Why Are Our Dreams So Weird? Science Weighs in on the Matter.

Publish date: 2022-10-12

Studies have been conducted in which people’s dreams are compared to the things that happen in their everyday lives. These studies show that there is continuity between the content of people’s dreams and their waking lives.

Manifestations of Everyday Life in Our Dreams

Researchers who analyze people’s dream journals, without knowing anything about the people who wrote the journals, find that they can develop an accurate sense of what the people’s lives are like and what their pressing concerns are from the content of their dreams. The content of people’s dreams is related to their thoughts and preoccupations in everyday life.
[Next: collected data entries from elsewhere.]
Lemma min_hull_set_exists : exists S, min_hull_set e S.
Proof.
rewrite /min_hull_set /hn_cc.
apply: (big_ind (fun n => exists S, cc_hull_set e S && (#|S| == n))).
- exists setT; rewrite cardsT eqxx andbT.
  by apply/cc_hull_setP => C /subsetP TC _ x; apply: TC; rewrite inE.
- by move=> m n [S hS] [S' hS']; rewrite /minn; case: ifP => _; [exists S | exists S'].
- by move=> S S_hull; exists S; rewrite S_hull eqxx.
Qed.

Lemma cycle_convexUD (H X Y : {set T}) :
  cycle_convex e H -> cycle_convex e Y -> Y \subset H ->
  (forall u v, u \in X -> induced H u v -> v \in X) ->
  cycle_convex e (Y :|: (H :\: X)).
Proof.
move=> /cycle_convexP H_convex /cycle_convexP Y_convex YH X_closed.
set M := Y :|: (H :\: X).
have MH : M \subset H by rewrite subUset subsetDl andbT.
have MX_Y : M :&: X \subset Y.
  by apply/subsetP => u /setIP[/setUP[// | /setDP[_ /negP uX]] /uX].
apply/cycle_convexP => w a b wM aM bM ab wa wb; apply/negP => a_b.
have [aH bH] := (subsetP MH a aM, subsetP MH b bM).
have [wH | wH] := boolP (w \in H); last first.
  by move: (H_convex w a b wH aH bH ab wa wb); rewrite (connect_inducedS MH a_b).
have wX : w \in X by apply: contraT => wX; rewrite in_setU in_setD wX wH orbT in wM.
have [aX bX] : a \in X /\ b \in X.
  by split; apply: X_closed wX _; rewrite /induced wH ?aH ?bH.
have wY : w \notin Y by apply: contra wM; rewrite in_setU => ->.
have [aY bY] : a \in Y /\ b \in Y by split; apply: (subsetP MX_Y); rewrite in_setI ?aM ?bM.
case/negP: (Y_convex w a b wY aY bY ab wa wb).
apply: connect_inducedS MX_Y _; apply: connect_induced_closed aX a_b => u v uX uv.
by apply: X_closed uX _; case/and3P: uv => uM vM uv; rewrite /induced !(subsetP MH).
Qed.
Studies show that, contrary to the belief that dreams are mostly bizarre and unrealistic, most dreams involve realistic life situations. It doesn’t mean that people necessarily dream about real things that have happened, but the situations and activities are mostly realistic. In only about 10% of dreams is the setting of the dream truly bizarre or distorted. It might not be a place the person has ever been, but otherwise, there’s nothing unusual about it.

This is a transcript from the video series Understanding the Mysteries of Human Behavior. Watch it now, Wondrium.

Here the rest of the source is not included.